Now it remains to fill in the key function Main(), although we will not rush in this case, and proceed to create a Lua-script.
 
 

Programming in Lua

 
 
So, in the folder ...\LuaTest03\bin\Debug, create a new directory scripts, in which again we create a text file, calling it students.txt. In it we put the following code:
 
luanet.load_assembly ("LuaTest03")

Student = luanet.import_type ("LuaTest03.Student")

-- Mikhail Ivanov

mike_iv = Student()

mike_iv.Description = "Diligent Student"

mike_iv:GiveName("Mikhail Ivanov")

JoinGroup(mike_iv)

-- Stefania Ulyanova

step_ul = Student()

step_ul. Description = "Talented Scientist"

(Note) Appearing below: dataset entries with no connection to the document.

(* Let $P$ be a finite set of points in $\mathbb{R}^2$ in general position, and let $(t,u,v)$ be consecutive vertices (in clockwise order) of the first convex layer of $P$. Let $p\neq q$ be points of $P$ with $p$ in the triangle $\triangle(t,u,v)$ and $q$ in the triangle $\triangle(t,p,v)$. Then $q\notin A(u)$.
   Context: Convex layers: $L^1$ is the set of vertices of the convex hull of $P$, and $L^k$ is the set of vertices of the convex hull of $P\setminus(L^1\cup\dots\cup L^{k-1})$. A point $p$ is active for $u\in L^1$ if, upon deleting $u$ from $P$ and recomputing the first and second convex layers, $p$ moves to the first layer; $A(u)$ is the set of points active for $u$. A point is said to be in a polygon if it lies strictly inside it. *)

From mathcomp Require Import all_boot all_order all_algebra.
Set Implicit Arguments. Unset Strict Implicit. Unset Printing Implicit Defensive.
Import Order.TTheory GRing.Theory Num.Theory.
Local Open Scope ring_scope.

Section Geom.
Variable R : realFieldType.
Definition pt := (R * R)%type.

(* twice the signed area of (a,b,c): > 0 iff counterclockwise turn *)
Definition orient (a b c : pt) : R :=
  (b.1 - a.1) * (c.2 - a.2) - (b.2 - a.2) * (c.1 - a.1).

Definition general_position (P : seq pt) : Prop :=
  uniq P /\
  forall a b c, a \in P -> b \in P -> c \in P ->
    a != b -> b != c -> a != c -> orient a b c != 0.

Definition in_conv (S : seq pt) (x : pt) : Prop :=
  exists w : pt -> R,
    (forall y, y \in S -> 0 <= w y) /\
    \sum_(y <- S) w y = 1 /\
    \sum_(y <- S) w y * y.1 = x.1 /\
    \sum_(y <- S) w y * y.2 = x.2.

Definition del (S : seq pt) (x : pt) : seq pt := [seq y <- S | y != x].

(* x is a vertex of the convex hull of S, i.e. x is in the first convex layer L^1(S) *)
Definition in_L1 (S : seq pt) (x : pt) : Prop :=
  x \in S /\ ~ in_conv (del S x) x.

(* t, u are consecutive vertices of L^1(S) in clockwise order:
   every other vertex of L^1(S) lies strictly to the right of the directed line t -> u *)
Definition cw_next (S : seq pt) (t u : pt) : Prop :=
  in_L1 S t /\ in_L1 S u /\ t != u /\
  forall x, in_L1 S x -> x != t -> x != u -> orient t u x < 0.

Definition in_triangle (a b c x : pt) : Prop :=
  exists la lb lc : R, 0 < la /\ 0 < lb /\ 0 < lc /\ la + lb + lc = 1 /\
    x.1 = la * a.1 + lb * b.1 + lc * c.1 /\
    x.2 = la * a.2 + lb * b.2 + lc * c.2.

(* p is active for u (u in L^1(P)): after deleting u, p moves to the first layer *)
Definition active (P : seq pt) (u p : pt) : Prop :=
  p \in P /\ ~ in_L1 P p /\ in_L1 (del P u) p.

End Geom.

From mathcomp Require Import all_boot all_order all_algebra.
From mathcomp Require Import ring lra.
Set Implicit Arguments. Unset Strict Implicit. Unset Printing Implicit Defensive.
Local Open Scope ring_scope.
Import Order.TTheory GRing.Theory Num.Theory.

(* Deleting u leaves t, p and v in the point set, and q lies strictly inside
   the triangle (t, p, v); so q is still a convex combination of other points
   of P \ {u} and cannot become a hull vertex.  The only point to check is
   p <> u, which holds because the hull vertex u cannot lie strictly inside a
   triangle one of whose corners is u itself. *)

Lemma big_indicator_uniq (R : pzSemiRingType) (T : eqType) (S : seq T) a
    (F : T -> R) :
  uniq S -> a \in S -> \sum_(y <- S) (y == a)%:R * F y = F a.
Proof.
move=> uS aS.
rewrite (eq_bigr (fun y => if y == a then F y else 0)); last first.
  by move=> y _; case: eqP; rewrite ?mul1r ?mul0r.
by rewrite -big_mkcond -big_filter filter_pred1_uniq // big_seq1.
Qed.

Section ConvexHull.
Variable R : realFieldType.
Implicit Types (S : seq (pt R)) (a b c x : pt R).

Lemma in_conv3 S a b c (la lb lc : R) x :
  uniq S -> a \in S -> b \in S -> c \in S ->
  0 <= la -> 0 <= lb -> 0 <= lc -> la + lb + lc = 1 ->
  x.1 = la * a.1 + lb * b.1 + lc * c.1 ->
  x.2 = la * a.2 + lb * b.2 + lc * c.2 ->
  in_conv S x.
Proof.
move=> uS aS bS cS la0 lb0 lc0 l1 x1 x2.
pose w y := la * (y == a)%:R + lb * (y == b)%:R + lc * (y == c)%:R.
have sum_w g : \sum_(y <- S) w y * g y = la * g a + lb * g b + lc * g c.
  rewrite (eq_bigr (fun y => la * ((y == a)%:R * g y) + lb * ((y == b)%:R * g y)
    + lc * ((y == c)%:R * g y))); last by move=> y _; rewrite /w; ring.
  by rewrite !big_split /= -!mulr_sumr !big_indicator_uniq.
exists w; split; first by move=> y _; rewrite !addr_ge0 ?mulr_ge0 ?ler0n.
split; last by rewrite !sum_w x1 x2.
have := sum_w (fun _ => 1).
by under eq_bigr do rewrite mulr1; rewrite !mulr1 l1.
Qed.

Lemma in_conv_triangle S a b c x :
  uniq S -> a \in S -> b \in S -> c \in S -> in_triangle a b c x -> in_conv S x.
Proof.
move=> uS aS bS cS [la [lb [lc [la0 [lb0 [lc0 [l1 [x1 x2]]]]]]]].
exact: (in_conv3 uS aS bS cS (ltW la0) (ltW lb0) (ltW lc0)).
Qed.

Lemma comb3_self_elim (la lb lc x y z : R) :
  lb != 1 -> x = la * y + lb * x + lc * z ->
  x = la / (1 - lb) * y + lc / (1 - lb) * z.
Proof.
rewrite -subr_eq0 -oppr_eq0 opprB => lb1 x_comb.
have x_lb : x * (1 - lb) = la * y + lc * z by rewrite mulrBr mulr1 {1}x_comb; ring.
by apply: (mulIf lb1); rewrite x_lb; field.
Qed.

Lemma in_L1_notin_triangle S a b c :
  uniq S -> in_L1 S b -> a \in S -> c \in S -> a != b -> c != b ->
  ~ in_triangle a b c b.
Proof.
move=> uS [_ b_vertex] aS cS ab cb [la [lb [lc [la0 [_ [lc0 [l1 [b1 b2]]]]]]]].
have lb_lt1 : lb < 1 by lra.
have lb_neq1 : lb != 1 by rewrite lt_eqF.
apply: b_vertex.
have dS y : y \in S -> y != b -> y \in del S b by move=> yS yb; rewrite mem_filter yb.
apply: (@in_conv3 _ a c c (la / (1 - lb)) (lc / (1 - lb)) 0 b (filter_uniq _ uS)
  (dS a aS ab) (dS c cS cb) (dS c cS cb) _ _ (lexx 0)); rewrite ?mul0r ?addr0.
- by rewrite divr_ge0 ?subr_ge0 ?ltW.
- by rewrite divr_ge0 ?subr_ge0 ?ltW.
- rewrite -mulrDl; have -> : la + lc = 1 - lb by lra.
  by rewrite divff // subr_eq0 eq_sym.
- exact: comb3_self_elim.
- exact: comb3_self_elim.
Qed.

End ConvexHull.

Theorem lemma1 (R : realFieldType) (P : seq (pt R)) (t u v p q : pt R) :
  general_position P ->
  cw_next P t u -> cw_next P u v -> t != v ->
  p \in P -> q \in P -> p != q ->
  in_triangle t u v p -> in_triangle t p v q ->
  ~ active P u q.
Proof.
move=> [uP _] [Lt [Lu [tu _]]] [_ [Lv [uv _]]] _ pP _ pq p_tuv q_tpv.
move=> [_ [q_notL1 [_ q_vertex]]].
have notL1_neq x : in_L1 P x -> x != q.
  by move=> Lx; apply/eqP => xq; apply: q_notL1; rewrite -xq.
have pu : p != u.
  apply: contraPneq p_tuv => ->.
  by apply: (in_L1_notin_triangle uP Lu Lt.1 Lv.1 tu); rewrite eq_sym.
have dS x : x \in P -> x != u -> x != q -> x \in del (del P u) q.
  by move=> xP xu xq; rewrite !mem_filter xq xu.
apply: q_vertex; apply: (in_conv_triangle _ _ _ _ q_tpv).
- by rewrite !filter_uniq.
- by apply: dS (Lt.1) tu (notL1_neq _ Lt).
- exact: dS.
- by apply: dS (Lv.1) _ (notL1_neq _ Lv); rewrite eq_sym.
Qed.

step_ul:GiveName(Stefania Ulyanova)

JoinGroup(step_ul)
 
In this case, we are using a luanet library.dll, with the load_assembly method loading a specific namespace, and import_type as the name implies, imports a type defined in that name. In our case, we have access to the Student class, and now we have access to its full use. Next, we create the first instance of the class for Michael Ivanov, enter a characteristic for him and, attention (!), call the method that adds the name. And as you can see, the property is written after the period, and the method is written after the colon.
 
Of course, we could enter a name, as well as a characteristic, but in this case it is simply demonstrated that it is possible to use the methods defined within the class. After the actions performed with the string JoinGroup(mike_iv), we place the student Ivanov in the list of Students of the main program.
 
Next, for the sake of mass participation, we will add another student – Stefania Ulyanova.
 
 

Main() function in C #

 
 
So, the Main() function doesn't require anything particularly complicated to write, we just need to run the Lua script to run, and then look at the loaded list of students. Thus, everything will look like this:
 
static void Main(string[] args)

{

Group group = new Group();

group. Lua.DoFile("scripts/students.txt");

group. Look();

Console.WriteLine("Press Enter to exit.");

Console.ReadLine();

}
 
As you can see, we create an instance of the Group class, then within its framework we call the file with the script for execution, and then view the loaded list.
 
 
 
 

Summing up example #3

 
 
 
So you've seen how you can work with classes defined in C# code from external sources. Moreover, going to the global and used by the environment namespaces such as System.Windows.Forms or System.Drawing, you can actually program literally everything directly from Lua-files, namely, call any types and methods.
 
So far, things may seem very simple. In fact, there are not many difficult moments in using Lua, although the language is now beginning to cover an increasing number of areas. The most important thing is the competent separation of the compiled part from the scripts.
 
Separately, it is worth saying that now we are considering examples of using Lua within the .NET framework, where everything is done somewhat specifically compared to other options. At the same time, .NET has already spread to many other languages, the full list of which can be seen on the http://dotnetlanguages.net website. Here you will see that there are many such languages, and .NET works not only in Windows, but also in other common operating systems. Therefore, the bet of Lua developers, who from version to version brought LuaInterface closer to the .NET platform is quite understandable.
 
In the next part, we will make a simple game example with the creation of NPCs.